The Solicitors Regulation Authority’s (SRA) proposed new rule requiring solicitors to treat colleagues with respect is in part aimed at filling a hole exposed by the prosecution of Ryan Beckwith, it was claimed yesterday.
A webinar hosted by City firm Kingsley Napley heard that the change would likely lead to more reports to the SRA.
The regulator is currently consulting on adding to the codes of conduct an explicit obligation on both individuals and firms to treat colleagues fairly and with respect; not to bully, harass or unfairly discriminate against them; and requiring firms and individuals to challenge behaviour which does not meet this standard.
The High Court ruled in 2020 that Mr Beckwith had not breached the SRA Handbook by having drunken sex with a junior lawyer when a partner at City giant Freshfields Bruckhaus Deringer, although his conduct was “inappropriate”.
Overturning a £35,000 fine imposed by the Solicitors Disciplinary Tribunal, the court identified as crucial the fact that the tribunal did not find the solicitor’s conduct to be an abuse of a position of seniority or authority.
A significant issue in the case was that the tribunal found Mr Beckwith in breach of two of the guiding SRA principles – acting with integrity and upholding public trust – rather than a specific rule.
The High Court said: “Our analysis is premised on the need to define the content of the obligation to act with integrity, which might otherwise be an obligation at large, by reference to the standards set out in the Handbook.”
Kingsley Napley partner Iain Miller, a leading figure in legal regulation, told the webinar that a case similar to Beckwith would likely lead to a different outcome with the proposed rule in place.
“It does articulate directly what I think what we would get from the principles and that was the issue with Beckwith,” he explained.
“The High Court was effectively saying ‘where is the rule?’. Well, here is the rule that makes it quite clear that this is the way one ought to behave.

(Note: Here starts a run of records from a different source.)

(* Let $H$ be a 5-vertex 3-graph which is $C_5$-free and $J_4$-free, contains a copy of $K_4^3$, and has complete shadow graph. Then $H$ is isomorphic to the 3-graph $H_4$ with vertex set $[5]$ and edges $123,234,134,124,514,523$.
   Context: A 3-graph is a 3-uniform hypergraph. $K_4^3$ is the complete 3-graph on 4 vertices (edges $123,124,134,234$); $C_5$ has vertex set $[5]$ and edges $123,234,345,145,125$; $J_4$ has vertex set $[5]$ and edges $123,124,125,134,135,145$. $H$ is $F$-free if it has no (not necessarily induced) subhypergraph isomorphic to $F$. The shadow graph of $H$ is the graph on $V(H)$ in which a pair is an edge iff it is contained in some edge of $H$; it is complete if every pair of vertices is such an edge. *)

From mathcomp Require Import all_boot.
Set Implicit Arguments. Unset Strict Implicit. Unset Printing Implicit Defensive.

Definition is_3graph (V : finType) (E : {set {set V}}) : Prop :=
  forall e, e \in E -> #|e| = 3.

(* F (on vertex set VF) is a (not necessarily induced) subhypergraph of H
   up to isomorphism: an injective vertex map sending edges of F to edges of H. *)
Definition contains_copy (VF V : finType) (F : {set {set VF}}) (E : {set {set V}}) : Prop :=
  exists f : VF -> V, injective f /\ forall e, e \in F -> f @: e \in E.

Definition free_of (VF V : finType) (F : {set {set VF}}) (E : {set {set V}}) : Prop :=
  ~ contains_copy F E.

Definition complete_shadow (V : finType) (E : {set {set V}}) : Prop :=
  forall x y : V, x != y -> exists2 e, e \in E & (x \in e) && (y \in e).

Definition hiso (V W : finType) (E : {set {set V}}) (F : {set {set W}}) : Prop :=
  exists f : V -> W, bijective f /\ forall e : {set V}, (e \in E) = (f @: e \in F).

(* Vertices 1..5 of the paper are encoded as 0..4 of 'I_5. *)
Definition tr5 (a b c : nat) : {set 'I_5} := [set inord a.-1; inord b.-1; inord c.-1].

Definition K43 : {set {set 'I_4}} := [set e : {set 'I_4} | #|e| == 3].

Definition C5 : {set {set 'I_5}} :=
  [set tr5 1 2 3; tr5 2 3 4; tr5 3 4 5; tr5 1 4 5; tr5 1 2 5].

Definition J4 : {set {set 'I_5}} :=
  [set tr5 1 2 3; tr5 1 2 4; tr5 1 2 5; tr5 1 3 4; tr5 1 3 5; tr5 1 4 5].

Definition H4 : {set {set 'I_5}} :=
  [set tr5 1 2 3; tr5 2 3 4; tr5 1 3 4; tr5 1 2 4; tr5 5 1 4; tr5 5 2 3].

(* The four vertices of a copy of K_4^3 span every triple avoiding the fifth
   vertex v, so H is determined by the link graph L of v on the other four
   vertices.  A complete shadow leaves no vertex isolated in L, J_4-freeness
   forbids a vertex of degree 3 in L, and C_5-freeness forbids a path a-b-c-d
   in L, as abv, bvc, vcd, cda, dab would form a C_5.  If x had two neighbours
   y, z, the fourth vertex w would need a neighbour, and each choice creates a
   claw at x or a path through x; so L is a perfect matching, which is H_4
   with apex 5 and matching 14, 23. *)

From mathcomp Require Import all_boot.
Set Implicit Arguments. Unset Strict Implicit. Unset Printing Implicit Defensive.

Section FiniteSets.
Variable T : finType.
Implicit Types (a b c x : T) (s : seq T) (e : {set T}).

Lemma exists_fresh s : size s < #|T| -> exists x, x \notin s.
Proof.
move=> ltsT; case: (pickP [pred x | x \notin s]) => [x xNs | s_full]; first by exists x.
suff : #|T| <= size s by rewrite leqNgt ltsT.
apply: leq_trans (card_size s); apply: subset_leq_card; apply/subsetP => x _.
by have := s_full x; rewrite /= => /negbFE.
Qed.

Lemma mem_uniq_full s x : uniq s -> #|T| <= size s -> x \in s.
Proof.
move=> us leTs; apply/negPn/negP => xNs.
have := max_card (mem (x :: s)); rewrite (card_uniqP _) /= ?xNs //.
by rewrite ltnNge leTs.
Qed.

Lemma set3_card3 a b c : (#|[set a; b; c]| == 3) = uniq [:: a; b; c].
Proof.
rewrite (@eq_card _ _ (mem [:: a; b; c])) => [|x]; last by rewrite !inE orbA.
by apply/eqP/card_uniqP.
Qed.

Lemma set3C12 a b c : [set a; b; c] = [set b; a; c].
Proof. by rewrite (setUC [set a]). Qed.

Lemma set3C23 a b c : [set a; b; c] = [set a; c; b].
Proof. exact: setUAC. Qed.

Lemma card3_mem e a : #|e| = 3 -> a \in e -> exists b c, e = [set a; b; c].
Proof.
move=> e3 ae; have /cards2P[b [c [_ ebc]]] : #|e :\ a| == 2.
  by move: e3; rewrite (cardsD1 a) ae add1n => -[->].
exists b, c; rewrite -(setD1K ae) ebc; apply/setP => x; by rewrite !inE orbA.
Qed.

Lemma card3_notin e a : #|T| = 5 -> #|e| = 3 -> a \notin e ->
  exists2 b, b != a & e = ~: [set a; b].
Proof.
move=> T5 e3 aNe; have /cards2P[x [y [xy eCxy]]] : #|~: e| == 2.
  by rewrite cardsCs setCK e3 T5.
have : a \in ~: e by rewrite inE.
rewrite eCxy !inE => /orP[]/eqP-> ; [exists y | exists x].
- by rewrite eq_sym.
- by rewrite -eCxy setCK.
- by [].
- by rewrite setUC -eCxy setCK.
Qed.

End FiniteSets.

Lemma imset_set3 (T U : finType) (g : T -> U) (a b c : T) :
  g @: [set a; b; c] = [set g a; g b; g c].
Proof. by rewrite !imsetU !imset_set1. Qed.

Definition lab5 (T : Type) (x0 x1 x2 x3 x4 : T) (i : 'I_5) : T :=
  nth x0 [:: x0; x1; x2; x3; x4] i.

Lemma lab5_inj (T : eqType) (x0 x1 x2 x3 x4 : T) :
  uniq [:: x0; x1; x2; x3; x4] -> injective (lab5 x0 x1 x2 x3 x4).
Proof.
move=> u i j /eqP; rewrite /lab5 nth_uniq ?ltn_ord // => /eqP; exact: val_inj.
Qed.

Lemma ord5_ind (P : 'I_5 -> Prop) :
  P (inord 0) -> P (inord 1) -> P (inord 2) -> P (inord 3) -> P (inord 4) ->
  forall i, P i.
Proof.
move=> P0 P1 P2 P3 P4 [k ltk5]; rewrite -[Ordinal _]inord_val /=.
by case: k ltk5 => [|[|[|[|[|//]]]]].
Qed.

Lemma hiso_of_imset (V W : finType) (E : {set {set V}}) (F : {set {set W}})
    (g : W -> V) :
  bijective g -> (forall e : {set W}, (g @: e \in E) = (e \in F)) -> hiso E F.
Proof.
case=> h hK gK gE; exists h; split; first by exists g.
by move=> e; rewrite -gE -imset_comp (eq_imset _ gK) imset_id.
Qed.

Definition clique_cone (V : finType) (v : V) (p : V -> V) : {set {set V}} :=
  [set e : {set V} | (#|e| == 3) && (v \notin e)]
    :|: [set [set v; x; p x] | x in [set~ v]].

Lemma mem_imset_clique_cone (W V : finType) (g : W -> V) (w : W) (q : W -> W)
    (v : V) (p : V -> V) (e : {set W}) :
  injective g -> g w = v -> {morph g : x / q x >-> p x} ->
  (g @: e \in clique_cone v p) = (e \in clique_cone w q).
Proof.
move=> g_inj gw gq; rewrite !inE card_imset // -gw mem_imset //; congr (_ || _).
apply/imsetP/imsetP => [[x xNv ge] | [y yNw ->]]; last first.
  exists (g y); last by rewrite imset_set3 gq.
  by rewrite !inE (inj_eq g_inj) -in_setC1.
have /imsetP[y ye gy] : x \in g @: e by rewrite ge !inE eqxx orbT.
rewrite {}gy !inE (inj_eq g_inj) in xNv ge; exists y; rewrite ?inE //.
by apply: (imset_inj g_inj); rewrite ge imset_set3 gq.
Qed.

Ltac solve_uniq :=
  rewrite /= !inE !negb_or ?andbT; do ?[apply/andP; split]; by [|rewrite eq_sym].

(* The matching 14 | 23 of H_4, fixing its apex 5. *)
Definition h4_mate : 'I_5 -> 'I_5 :=
  lab5 (inord 3) (inord 2) (inord 1) (inord 0) (inord 4).

Lemma H4_clique_cone : H4 = clique_cone (inord 4) h4_mate.
Proof.
apply/eqP; rewrite eqEsubset; apply/andP; split.
  rewrite !subUset !sub1set; do !(apply/andP; split);
    rewrite !inE /tr5 set3_card3 /= !inE -!val_eqE /= !inordK //=; apply/imsetP;
    [exists (inord 0) | exists (inord 1)];
    by rewrite /h4_mate /lab5 ?inE -?val_eqE /= ?inordK.
apply/subsetP => e; rewrite !inE => /orP[/andP[/eqP e3 e4] | /imsetP[x]].
  have [b] := card3_notin (card_ord 5) e3 e4; elim/ord5_ind: b => b4 ->{e e3 e4};
    [ rewrite (_ : ~: _ = tr5 2 3 4) | rewrite (_ : ~: _ = tr5 1 3 4)
    | rewrite (_ : ~: _ = tr5 1 2 4) | rewrite (_ : ~: _ = tr5 1 2 3)
    | by rewrite eqxx in b4 ]; rewrite ?inE ?eqxx ?orbT //;
    by apply/setP; elim/ord5_ind; rewrite !inE -!val_eqE /= !inordK.
elim/ord5_ind: x; rewrite !inE /h4_mate /lab5 ?inordK //= => x4 ->;
  by [rewrite eqxx ?orbT | rewrite set3C23 eqxx ?orbT | rewrite eqxx in x4].
Qed.

Lemma clique_cone_iso_H4 (V : finType) (v : V) (p : V -> V) :
  #|V| = 5 -> involutive p -> p v = v -> (forall x, x != v -> p x != x) ->
  hiso (clique_cone v p) H4.
Proof.
move=> V5 pK pv p_neq.
have p_eq_v x : (p x == v) = (x == v) by rewrite -{1}pv (can_eq pK).
have [a] : exists a, a \notin [:: v] by apply: exists_fresh; rewrite V5.
rewrite inE => av.
have [b] : exists b, b \notin [:: v; a; p a] by apply: exists_fresh; rewrite V5.
rewrite !inE !negb_or => /and3P[bv ba bpa].
pose g := lab5 a b (p b) (p a) v.
have g_inj : injective g.
  apply: lab5_inj.
  have apb : a != p b by rewrite eq_sym (can2_eq pK pK).
  have pbpa : p b != p a by rewrite (can_eq pK).
  have pav : p a != v by rewrite p_eq_v.
  have pbv : p b != v by rewrite p_eq_v.
  have paa := p_neq _ av; have pbb := p_neq _ bv; solve_uniq.
apply: (@hiso_of_imset _ _ _ _ g).
  by apply: (inj_card_bij g_inj); rewrite card_ord V5.
move=> e; rewrite H4_clique_cone; apply: mem_imset_clique_cone => //.
  by rewrite /g /lab5 inordK.
move=> i; elim/ord5_ind: i; rewrite /g /h4_mate /lab5 !inordK //= inordK //=.
Qed.

Lemma K43_copy_apex (V : finType) (E : {set {set V}}) :
  #|V| = 5 -> contains_copy K43 E ->
  exists v : V, forall e : {set V}, #|e| = 3 -> v \notin e -> e \in E.
Proof.
move=> V5 [f [f_inj fE]].
have [v vNf] : exists v, v \notin codom f.
  by apply: exists_fresh; rewrite size_codom card_ord V5.
have codom_full x : x != v -> x \in codom f.
  move=> xv; have : x \in v :: codom f.
    apply: mem_uniq_full; last by rewrite /= size_codom card_ord V5.
    by rewrite /= vNf; apply/card_uniqP; rewrite size_codom card_codom.
  by rewrite inE (negbTE xv).
exists v => e e3 vNe.
have f_pre : f @: [set i | f i \in e] = e.
  apply/setP => x; apply/imsetP/idP => [[i] | xe]; first by rewrite inE => fie ->.
  have /codomP[i xi] : x \in codom f by apply: codom_full; apply: contraNneq vNe => <-.
  by exists i; rewrite // inE -xi.
by rewrite -f_pre; apply: fE; rewrite inE -(card_imset _ f_inj) f_pre e3.
Qed.

Lemma contains_copy_lab5 (V : finType) (F : {set {set 'I_5}}) (E : {set {set V}})
    (x0 x1 x2 x3 x4 : V) :
  uniq [:: x0; x1; x2; x3; x4] ->
  F \subset [set e : {set 'I_5} | lab5 x0 x1 x2 x3 x4 @: e \in E] -> contains_copy F E.
Proof.
move=> u /subsetP FE; exists (lab5 x0 x1 x2 x3 x4); split; first exact: lab5_inj.
by move=> e /FE; rewrite inE.
Qed.

Section LinkGraph.

Variables (V : finType) (E : {set {set V}}) (v : V).
Hypotheses (V5 : #|V| = 5) (E3 : is_3graph E).
Hypotheses (C5_free : free_of C5 E) (J4_free : free_of J4 E).
Hypothesis E_shadow : complete_shadow E.
Hypothesis E_clique : forall e : {set V}, #|e| = 3 -> v \notin e -> e \in E.

Definition link_edge (x y : V) := [set v; x; y] \in E.

Lemma link_neq x y : link_edge x y -> [/\ x != v, y != v & x != y].
Proof.
move/E3/eqP; rewrite set3_card3 /= !inE !negb_or andbT => /andP[/andP[vx vy] ->].
by rewrite !(eq_sym _ v) vx vy.
Qed.

Lemma link_sym x y : link_edge x y = link_edge y x.
Proof. by rewrite /link_edge set3C23. Qed.

Lemma clique_edge x y z : uniq [:: v; x; y; z] -> [set x; y; z] \in E.
Proof.
case/andP=> vNxyz xyz; apply: E_clique; first by apply/eqP; rewrite set3_card3.
by move: vNxyz; rewrite !inE orbA.
Qed.

Lemma link_exists x : x != v -> exists y, link_edge x y.
Proof.
move=> xv; have [e eE /andP[xe ve]] := E_shadow xv.
have [y [z ez]] := card3_mem (E3 eE) ve.
move: xe; rewrite ez !inE (negbTE xv) /= => /orP[]/eqP->; [exists z | exists y].
  by rewrite /link_edge -ez.
by rewrite /link_edge set3C23 -ez.
Qed.

Lemma link_no_claw x a b c : link_edge x a -> link_edge x b -> link_edge x c ->
  a != b -> a != c -> b != c -> False.
Proof.
move=> xa xb xc ab ac bc; have [xv av xa'] := link_neq xa.
have [_ bv xb'] := link_neq xb; have [_ cv xc'] := link_neq xc.
apply: J4_free; apply: (@contains_copy_lab5 _ _ _ x v a b c); first by solve_uniq.
rewrite !subUset !sub1set !inE /tr5 !imset_set3 /lab5 !inordK //=.
do !(apply/andP; split); by [rewrite set3C12 | apply: clique_edge; solve_uniq].
Qed.

Lemma link_no_P4 a b c d : link_edge a b -> link_edge b c -> link_edge c d ->
  a != c -> a != d -> b != d -> False.
Proof.
move=> ab bc cd ac ad bd; have [av bv ab'] := link_neq ab.
have [_ cv bc'] := link_neq bc; have [_ dv cd'] := link_neq cd.
apply: C5_free; apply: (@contains_copy_lab5 _ _ _ a b v c d); first by solve_uniq.
rewrite !subUset !sub1set !inE /tr5 !imset_set3 /lab5 !inordK //=.
do !(apply/andP; split);
  by [|rewrite set3C12|rewrite set3C23 set3C12|apply: clique_edge; solve_uniq].
Qed.

Lemma link_unique x y z : link_edge x y -> link_edge x z -> y = z.
Proof.
move=> xy xz; apply/eqP/contraT => yz; exfalso.
have [xv yv xy'] := link_neq xy; have [_ zv xz'] := link_neq xz.
have [w] : exists w, w \notin [:: v; x; y; z] by apply: exists_fresh; rewrite V5.
rewrite !inE !negb_or => /and4P[wv wx wy wz].
have [u wu] := link_exists wv; have [_ uv wu'] := link_neq wu.
have : u \in [:: v; x; y; z; w] by apply: mem_uniq_full; [solve_uniq | rewrite V5].
rewrite !inE (negbTE uv) (eq_sym u w) (negbTE wu') orbF /=.
case/or3P=> /eqP uE; subst u.
- by apply: (link_no_claw _ xy xz wy wz yz); rewrite link_sym.
- by apply: (link_no_P4 wu _ xz wx wz yz); rewrite link_sym.
- by apply: (link_no_P4 wu _ xy wx wy); rewrite 1?link_sym // eq_sym.
Qed.

Definition mate (x : V) : V := odflt x [pick y | link_edge x y].

Lemma link_mate x : x != v -> link_edge x (mate x).
Proof.
move=> xv; rewrite /mate; case: pickP => [y // | no_link].
by have [y xy] := link_exists xv; rewrite no_link in xy.
Qed.

Lemma mate_apex : mate v = v.
Proof. by rewrite /mate; case: pickP => [y /link_neq[] | //]; rewrite eqxx. Qed.

Lemma mateK : involutive mate.
Proof.
move=> x; have [-> | xv] := eqVneq x v; first by rewrite !mate_apex.
have [_ mxv _] := link_neq (link_mate xv).
by apply: (link_unique (link_mate mxv)); rewrite link_sym link_mate.
Qed.

Lemma mate_neq x : x != v -> mate x != x.
Proof. by move=> xv; have [_ _] := link_neq (link_mate xv); rewrite eq_sym. Qed.

Lemma E_clique_cone : E = clique_cone v mate.
Proof.
apply/setP => e; rewrite !inE; have [ve | vNe] := boolP (v \in e); last first.
  rewrite andbT; apply/idP/orP => [eE | [/eqP e3 | /imsetP[x _ ex]]].
  - by left; rewrite E3.
  - exact: E_clique.
  - by rewrite ex !inE eqxx in vNe.
rewrite andbF /=; apply/idP/imsetP => [eE | [x xv ->]].
  have [x [y exy]] := card3_mem (E3 eE) ve.
  have xy : link_edge x y by rewrite /link_edge -exy.
  have [xv _ _] := link_neq xy.
  by exists x; rewrite ?inE // (link_unique (link_mate xv) xy).
by rewrite !inE in xv; apply: link_mate.
Qed.

End LinkGraph.

Theorem lemma2p14 (V : finType) (E : {set {set V}}) :
  #|V| = 5 ->
  is_3graph E ->
  free_of C5 E ->
  free_of J4 E ->
  contains_copy K43 E ->
  complete_shadow E ->
  hiso E H4.
Proof.
move=> V5 E3 C5_free J4_free /(K43_copy_apex V5)[v E_clique] E_shadow.
rewrite (E_clique_cone V5 E3 C5_free J4_free E_shadow E_clique).
apply: clique_cone_iso_H4 => //; [exact: mateK | exact: mate_apex | exact: mate_neq].
Qed.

It does make the SRA’s life a bit easier when they come to look at these cases and particularly if they come to prosecute them.
“That may not be expressed in the consultation in these terms but no doubt that’s part of the thinking behind it.”
Tim Dutton QC, who is often instructed by the SRA in disciplinary cases, agreed. Making clear he was not speaking about the Beckwith case, he said the situation of “a senior solicitor in a managerial position getting a colleague drunk and having consensual sex outside the workplace” was one that involved a lack of respect.
“It seems to me that the rule is intended to pick up on that kind of disrespectful conduct.”
The SRA would not have to prove “evidentially difficult concepts like consent or abuse of position”, Mr Miller added. “You could simply say it breaches this rule, here are the bare facts. It provides a much easier route.”
Mr Dutton said his own caseload of solicitor misconduct cases – most of which were post #MeToo cases involving alleged bullying, sexual misconduct, harassment or discrimination – indicated that “we do have a problem which the regulator needs to address”.
He continued: “This drafting is undoubtedly wider than what we have currently… and where you have a rule, culture should follow. So to that extent I think it’s helpful.”
Mr Dutton noted that the requirements to treat colleagues with respect and not to bully, harass or discriminate against them were separate and Jo Douty, the COLP at City firm Macfarlanes, questioned what type of behaviour between these two obligations the SRA was targeting.
It would be important to see what changes the SRA made to its enforcement strategy once the rule was in place, she said, as this would make clearer what it has in mind.
She acknowledged there were some “deep-seated issues” in the profession that were very difficult to deal with but suggested that a lot was down to unconscious bias.
Macfarlanes, like other firms, was doing a lot of work to address this, she said, such as reverse mentoring and having a network of ‘guardians’ who provide a confidential space to share issues that employees feel they need to discuss.
Ms Douty said this was the way to deal with these issues, rather than changes to the SRA rules.
The panel agreed that it would be difficult for the SRA to establish a failure to challenge disrespectful behaviour, especially where it was a matter of unconscious bias.
Mr Miller said the obligation would nonetheless “terrify” people – what, for example, should a junior lawyer do if they witnessed disrespectful conduct at a firm social event? Would it be sufficient to inform the firm rather than challenge the misconduct directly?
Mr Dutton said informing the firm’s COLP would likely be enough – so long as the information was then acted on. If a firm tried to sweep the conduct under the carpet, the individual may have to report it to the SRA.
Mr Miller predicted that firms would have to show to the SRA that they had policies, procedures and training in place to address disrespectful conduct.
He and Mr Dutton both predicted the new rule could lead to more reports being made to the SRA.
Mr Miller said: “I could see people being disappointed by their pay review and saying ‘I’m going to report you to the SRA’. It’s a very widely worded rule that people might think they fall into it.” But he added that he would hope the SRA would not consider complaints like this.
Employment tribunal claims made against firms would also likely have to be reported to the SRA under the proposed rule.
Mr Miller concluded that this would not be “a minor tweak” to the codes of conduct and the change would take “a few years” to settle down.